DATA SECTION —
(* The set $X^{\mathcal B}=\{x^{\mathbf b}:\mathbf b\in\mathcal B\}$ is a basis of the $\mathbb C$-vector space $\mathcal W_0$.
   Context: Let $A=\{\mathbf a_1,\dots,\mathbf a_m\}\subseteq\mathbb Z^n$ be linearly independent over $\mathbb R$ and $\ell_1,\dots,\ell_m$ positive integers (part of a relation $\ell_0\mathbf a_0=\sum_j\ell_j\mathbf a_j$, $\ell_0=\sum_j\ell_j$, $\mathbf a_0\in\mathbb Z^n$, $\gcd(\ell_0,\dots,\ell_m)=1$). Let $f_0=\sum_{j=1}^m\ell_jx^{\mathbf a_j}$. Let $V$ be the real span of $A$, $V_{\mathbb Z}=V\cap\mathbb Z^n$, $C(A)$ the real cone generated by $A$, $M=V_{\mathbb Z}\cap C(A)$. Let $S_0$ be the $\mathbb C$-span of $\{x^u:u\in M\}$, $D_{i,0}=x_i\partial/\partial x_i+x_i\partial f_0/\partial x_i$ ($i=1,\dots,n$), and $\mathcal W_0=S_0/\sum_iD_{i,0}S_0$. Let $P(A)=\{\sum_jc_j\mathbf a_j:0\le c_j<1\}$ and $\mathcal B=V_{\mathbb Z}\cap P(A)$. *)

From HB Require Import structures.
From mathcomp Require Import all_boot all_order all_algebra.
From mathcomp Require Import reals.
From mathcomp.real_closed Require Export complex.
Set Implicit Arguments. Unset Strict Implicit. Unset Printing Implicit Defensive.
Import Order.TTheory GRing.Theory Num.Theory.
Local Open Scope ring_scope.

Definition Zn (n : nat) := 'rV[int]_n.

(* A Laurent polynomial in x_1..x_n with coefficients in C is a finitely
   supported coefficient function Z^n -> C  (g <-> sum_u g u x^u). *)
Definition fin_supp (C : Type) (n : nat) (zero : C) (eqC : C -> C -> bool)
  (g : Zn n -> C) : Prop :=
  exists s : seq (Zn n), forall u, ~~ eqC (g u) zero -> u \in s.

Section Defs.
Variable R : realType.
Local Notation C := (complex R).
Variables (n m : nat) (a : 'I_m -> Zn n) (l : 'I_m -> nat).

Definition toR (u : Zn n) : 'rV[R]_n := map_mx (fun z : int => z%:~R) u.

Definition lin_indep_R : bool := row_free (\matrix_(j < m) toR (a j)).

Definition rcomb (c : 'I_m -> R) : 'rV[R]_n := \sum_(j < m) c j *: toR (a j).

Definition in_VZ (u : Zn n) : Prop := exists c, toR u = rcomb c.
Definition in_cone (v : 'rV[R]_n) : Prop :=
  exists c, (forall j, 0 <= c j) /\ v = rcomb c.
Definition in_M (u : Zn n) : Prop := in_VZ u /\ in_cone (toR u).
Definition in_PA (v : 'rV[R]_n) : Prop :=
  exists c, (forall j, 0 <= c j < 1) /\ v = rcomb c.
Definition in_B (u : Zn n) : Prop := in_VZ u /\ in_PA (toR u).

Definition laurent := Zn n -> C.
Definition finsupp (g : laurent) : Prop := fin_supp 0 (fun x y => x == y) g.

Definition monom (b : Zn n) : laurent := fun u => if u == b then 1 else 0.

PROBLEM —
Whatever is in the entries above, write it out exactly.

ANSWER TO THIS EXERCISE —
(* The set $X^{\mathcal B}=\{x^{\mathbf b}:\mathbf b\in\mathcal B\}$ is a basis of the $\mathbb C$-vector space $\mathcal W_0$.
   Context: Let $A=\{\mathbf a_1,\dots,\mathbf a_m\}\subseteq\mathbb Z^n$ be linearly independent over $\mathbb R$ and $\ell_1,\dots,\ell_m$ positive integers (part of a relation $\ell_0\mathbf a_0=\sum_j\ell_j\mathbf a_j$, $\ell_0=\sum_j\ell_j$, $\mathbf a_0\in\mathbb Z^n$, $\gcd(\ell_0,\dots,\ell_m)=1$). Let $f_0=\sum_{j=1}^m\ell_jx^{\mathbf a_j}$. Let $V$ be the real span of $A$, $V_{\mathbb Z}=V\cap\mathbb Z^n$, $C(A)$ the real cone generated by $A$, $M=V_{\mathbb Z}\cap C(A)$. Let $S_0$ be the $\mathbb C$-span of $\{x^u:u\in M\}$, $D_{i,0}=x_i\partial/\partial x_i+x_i\partial f_0/\partial x_i$ ($i=1,\dots,n$), and $\mathcal W_0=S_0/\sum_iD_{i,0}S_0$. Let $P(A)=\{\sum_jc_j\mathbf a_j:0\le c_j<1\}$ and $\mathcal B=V_{\mathbb Z}\cap P(A)$. *)

From HB Require Import structures.
From mathcomp Require Import all_boot all_order all_algebra.
From mathcomp Require Import reals.
From mathcomp.real_closed Require Export complex.
Set Implicit Arguments. Unset Strict Implicit. Unset Printing Implicit Defensive.
Import Order.TTheory GRing.Theory Num.Theory.
Local Open Scope ring_scope.

Definition Zn (n : nat) := 'rV[int]_n.

(* A Laurent polynomial in x_1..x_n with coefficients in C is a finitely
   supported coefficient function Z^n -> C  (g <-> sum_u g u x^u). *)
Definition fin_supp (C : Type) (n : nat) (zero : C) (eqC : C -> C -> bool)
  (g : Zn n -> C) : Prop :=
  exists s : seq (Zn n), forall u, ~~ eqC (g u) zero -> u \in s.

Section Defs.
Variable R : realType.
Local Notation C := (complex R).
Variables (n m : nat) (a : 'I_m -> Zn n) (l : 'I_m -> nat).

Definition toR (u : Zn n) : 'rV[R]_n := map_mx (fun z : int => z%:~R) u.

Definition lin_indep_R : bool := row_free (\matrix_(j < m) toR (a j)).

Definition rcomb (c : 'I_m -> R) : 'rV[R]_n := \sum_(j < m) c j *: toR (a j).

Definition in_VZ (u : Zn n) : Prop := exists c, toR u = rcomb c.
Definition in_cone (v : 'rV[R]_n) : Prop :=
  exists c, (forall j, 0 <= c j) /\ v = rcomb c.
Definition in_M (u : Zn n) : Prop := in_VZ u /\ in_cone (toR u).
Definition in_PA (v : 'rV[R]_n) : Prop :=
  exists c, (forall j, 0 <= c j < 1) /\ v = rcomb c.
Definition in_B (u : Zn n) : Prop := in_VZ u /\ in_PA (toR u).

Definition laurent := Zn n -> C.
Definition finsupp (g : laurent) : Prop := fin_supp 0 (fun x y => x == y) g.

Definition monom (b : Zn n) : laurent := fun u => if u == b then 1 else 0.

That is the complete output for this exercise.